In the records below, begin at the line containing "(MOr (t a) (t b))" and end at the line containing "(* Soundness (φ"; quote every line in that span exactly, including both boundary lines, and no others.

● ● ●

(* Let $\Lambda=\mathsf{iA}\oplus\Gamma$ be an iA-logic. Then for every S4K-logic $\Theta$ with $(\mathsf{S4}\otimes\mathsf K)\oplus t(\Gamma)\subseteq\Theta\subseteq(\mathsf{S4}\otimes\mathsf K)\oplus\mathsf{Grz_i}\oplus t(\Gamma)\oplus\mathsf{BHL}$, $\Lambda$ is embedded in $\Theta$ by $t$: for all $\varphi\in\mathcal L_{\multimap}$, $\varphi\in\Lambda$ iff $t(\varphi)\in\Theta$.
   Context: $\mathcal L_{\multimap}$: atoms, $\top,\bot,\wedge,\vee,\to$ and binary $\multimap$. $\mathsf{iA}$: least set containing substitution instances of intuitionistic tautologies and instances of $((\varphi\multimap\psi)\wedge(\varphi\multimap\chi))\to(\varphi\multimap(\psi\wedge\chi))$, $((\varphi\multimap\chi)\wedge(\psi\multimap\chi))\to((\varphi\vee\psi)\multimap\chi)$, $((\varphi\multimap\psi)\wedge(\psi\multimap\chi))\to(\varphi\multimap\chi)$, closed under modus ponens and the rule from $\varphi\to\psi$ infer $\varphi\multimap\psi$; $\mathsf{iA}\oplus\Gamma$ is the least extension containing $\Gamma$ closed under those rules and uniform substitution. S4K-logic: set of formulae of the classical bimodal language $\mathcal L_{i,m}$ ($\Box_i,\Box_m$) containing classical tautologies, $\mathsf K$ for both boxes, $\Box_ip\to p$, $\Box_ip\to\Box_i\Box_ip$, closed under modus ponens, necessitation for both boxes and substitution; $\mathsf{S4}\otimes\mathsf K$ is the least one and $\oplus$ adds axioms. $\mathsf{Grz_i}$: $\Box_i(\Box_i(p\to\Box_ip)\to p)\to p$. $\mathsf{BHL}$: $\Box_mp\to\Box_i\Box_mp$. Translation $t$: $t(p)=\Box_ip$, $t(\top)=\top$, $t(\bot)=\bot$, $t(\varphi\star\psi)=\Box_i(t\varphi\star t\psi)$ for $\star\in\{\wedge,\vee,\to\}$, $t(\varphi\multimap\psi)=\Box_i\Box_m(t\varphi\to t\psi)$. *)

From Stdlib Require Import Bool.

Inductive form : Type :=
| Var : nat -> form
| Top : form
| Bot : form
| And : form -> form -> form
| Or  : form -> form -> form
| Imp : form -> form -> form
| Str : form -> form -> form.   (* strict implication  φ ⊸ ψ *)

Fixpoint subst (s : nat -> form) (f : form) : form :=
  match f with
  | Var n => s n
  | Top => Top
  | Bot => Bot
  | And a b => And (subst s a) (subst s b)
  | Or a b => Or (subst s a) (subst s b)
  | Imp a b => Imp (subst s a) (subst s b)
  | Str a b => Str (subst s a) (subst s b)
  end.

Fixpoint str_free (f : form) : Prop :=
  match f with
  | Var _ | Top | Bot => True
  | And a b | Or a b | Imp a b => str_free a /\ str_free b
  | Str _ _ => False
  end.

Inductive ipc : form -> Prop :=
| ipc_K : forall a b, str_free a -> str_free b -> ipc (Imp a (Imp b a))
| ipc_S : forall a b c, str_free a -> str_free b -> str_free c ->
    ipc (Imp (Imp a (Imp b c)) (Imp (Imp a b) (Imp a c)))
| ipc_and1 : forall a b, str_free a -> str_free b -> ipc (Imp (And a b) a)
| ipc_and2 : forall a b, str_free a -> str_free b -> ipc (Imp (And a b) b)
| ipc_and3 : forall a b, str_free a -> str_free b -> ipc (Imp a (Imp b (And a b)))
| ipc_or1 : forall a b, str_free a -> str_free b -> ipc (Imp a (Or a b))
| ipc_or2 : forall a b, str_free a -> str_free b -> ipc (Imp b (Or a b))
| ipc_or3 : forall a b c, str_free a -> str_free b -> str_free c ->
    ipc (Imp (Imp a c) (Imp (Imp b c) (Imp (Or a b) c)))
| ipc_bot : forall a, str_free a -> ipc (Imp Bot a)
| ipc_top : ipc Top
| ipc_mp : forall a b, ipc a -> ipc (Imp a b) -> ipc b.

Inductive iA_ext (G : form -> Prop) : form -> Prop :=
| iA_ipc : forall s f, ipc f -> iA_ext G (subst s f)
| iA_ax1 : forall a b c,
    iA_ext G (Imp (And (Str a b) (Str a c)) (Str a (And b c)))
| iA_ax2 : forall a b c,
    iA_ext G (Imp (And (Str a c) (Str b c)) (Str (Or a b) c))
| iA_ax3 : forall a b c,
    iA_ext G (Imp (And (Str a b) (Str b c)) (Str a c))
| iA_hyp : forall f, G f -> iA_ext G f
| iA_mp : forall a b, iA_ext G a -> iA_ext G (Imp a b) -> iA_ext G b
| iA_str : forall a b, iA_ext G (Imp a b) -> iA_ext G (Str a b)
| iA_subst : forall s f, iA_ext G f -> iA_ext G (subst s f).

Inductive mform : Type :=
| MVar : nat -> mform
| MTop : mform
| MBot : mform
| MAnd : mform -> mform -> mform
| MOr  : mform -> mform -> mform
| MImp : mform -> mform -> mform
| BoxI : mform -> mform
| BoxM : mform -> mform.

Fixpoint msubst (s : nat -> mform) (f : mform) : mform :=
  match f with
  | MVar n => s n
  | MTop => MTop
  | MBot => MBot
  | MAnd a b => MAnd (msubst s a) (msubst s b)
  | MOr a b => MOr (msubst s a) (msubst s b)
  | MImp a b => MImp (msubst s a) (msubst s b)
  | BoxI a => BoxI (msubst s a)
  | BoxM a => BoxM (msubst s a)
  end.

Fixpoint box_free (f : mform) : Prop :=
  match f with
  | MVar _ | MTop | MBot => True
  | MAnd a b | MOr a b | MImp a b => box_free a /\ box_free b
  | BoxI _ | BoxM _ => False
  end.

Fixpoint beval (v : nat -> bool) (f : mform) : bool :=
  match f with
  | MVar n => v n
  | MTop => true
  | MBot => false
  | MAnd a b => beval v a && beval v b
  | MOr a b => beval v a || beval v b
  | MImp a b => implb (beval v a) (beval v b)
  | BoxI _ | BoxM _ => false
  end.

Definition ctaut (f : mform) : Prop := box_free f /\ forall v, beval v f = true.

Definition p0 : mform := MVar 0.
Definition p1 : mform := MVar 1.

Definition K_i : mform := MImp (BoxI (MImp p0 p1)) (MImp (BoxI p0) (BoxI p1)).
Definition K_m : mform := MImp (BoxM (MImp p0 p1)) (MImp (BoxM p0) (BoxM p1)).
Definition T_i : mform := MImp (BoxI p0) p0.
Definition Four_i : mform := MImp (BoxI p0) (BoxI (BoxI p0)).

Definition Grz_i : mform :=
  MImp (BoxI (MImp (BoxI (MImp p0 (BoxI p0))) p0)) p0.
Definition BHL : mform := MImp (BoxM p0) (BoxI (BoxM p0)).

Definition is_S4K_logic (L : mform -> Prop) : Prop :=
  (forall s f, ctaut f -> L (msubst s f)) /\
  L K_i /\ L K_m /\ L T_i /\ L Four_i /\
  (forall a b, L a -> L (MImp a b) -> L b) /\
  (forall a, L a -> L (BoxI a)) /\
  (forall a, L a -> L (BoxM a)) /\
  (forall s f, L f -> L (msubst s f)).

Inductive S4K_ext (D : mform -> Prop) : mform -> Prop :=
| S_taut : forall s f, ctaut f -> S4K_ext D (msubst s f)
| S_Ki : S4K_ext D K_i
| S_Km : S4K_ext D K_m
| S_Ti : S4K_ext D T_i
| S_4i : S4K_ext D Four_i
| S_hyp : forall f, D f -> S4K_ext D f
| S_mp : forall a b, S4K_ext D a -> S4K_ext D (MImp a b) -> S4K_ext D b
| S_neci : forall a, S4K_ext D a -> S4K_ext D (BoxI a)
| S_necm : forall a, S4K_ext D a -> S4K_ext D (BoxM a)
| S_subst : forall s f, S4K_ext D f -> S4K_ext D (msubst s f).

Fixpoint t (f : form) : mform :=
  match f with
  | Var n => BoxI (MVar n)
  | Top => MTop
  | Bot => MBot
  | And a b => BoxI (MAnd (t a) (t b))
  | Or a b => BoxI (MOr (t a) (t b))
  | Imp a b => BoxI (MImp (t a) (t b))
  | Str a b => BoxI (BoxM (MImp (t a) (t b)))
  end.

Definition t_img (G : form -> Prop) : mform -> Prop :=
  fun g => exists f, G f /\ g = t f.

Definition upper_axioms (G : form -> Prop) : mform -> Prop :=
  fun g => g = Grz_i \/ t_img G g \/ g = BHL.

From Stdlib Require Import Classical ClassicalEpsilon List Lia Cantor Wf_nat.
Import ListNotations.

(* Soundness (φ ∈ Λ ⇒ t(φ) ∈ Θ) is a syntactic induction on derivations in Λ:
   inside any S4K-logic the t-images are □i-stable, which is exactly what is
   needed to derive the t-images of the IPC axioms, of the iA axioms and of
   the ⊸-rule, and t commutes with substitution up to provable equivalence.

   Faithfulness (t(φ) ∈ Θ ⇒ φ ∈ Λ) is semantic. The points of the canonical
   model are the prime theories of Λ, found by a Lindenbaum construction.
   □i is interpreted as the interior operator of the topology whose basic
   opens are the sets [a] of prime theories containing a, and □m as the
   "strict" modality: F ∈ □m S iff F contains strict implications
   c1 ⊸ d1, …, cn ⊸ dn such that every prime theory respecting all ci → di
   lies in S.  Valuations range over definable sets (those determined by
   finitely many formulas); definable sets are clause-definable (a CNF
   lemma), which makes □i and □m of a definable set basic-open and validates
   Grz_i. All axioms of the upper logic are then valid, and a truth lemma
   says that t(φ) holds exactly at the prime theories containing φ. *)

Section IADerivations.
Variable G : form -> Prop.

● ● ●

• Output for this task:
  | Or a b => BoxI (MOr (t a) (t b))
  | Imp a b => BoxI (MImp (t a) (t b))
  | Str a b => BoxI (BoxM (MImp (t a) (t b)))
  end.

Definition t_img (G : form -> Prop) : mform -> Prop :=
  fun g => exists f, G f /\ g = t f.

Definition upper_axioms (G : form -> Prop) : mform -> Prop :=
  fun g => g = Grz_i \/ t_img G g \/ g = BHL.

From Stdlib Require Import Classical ClassicalEpsilon List Lia Cantor Wf_nat.
Import ListNotations.

(* Soundness (φ ∈ Λ ⇒ t(φ) ∈ Θ) is a syntactic induction on derivations in Λ:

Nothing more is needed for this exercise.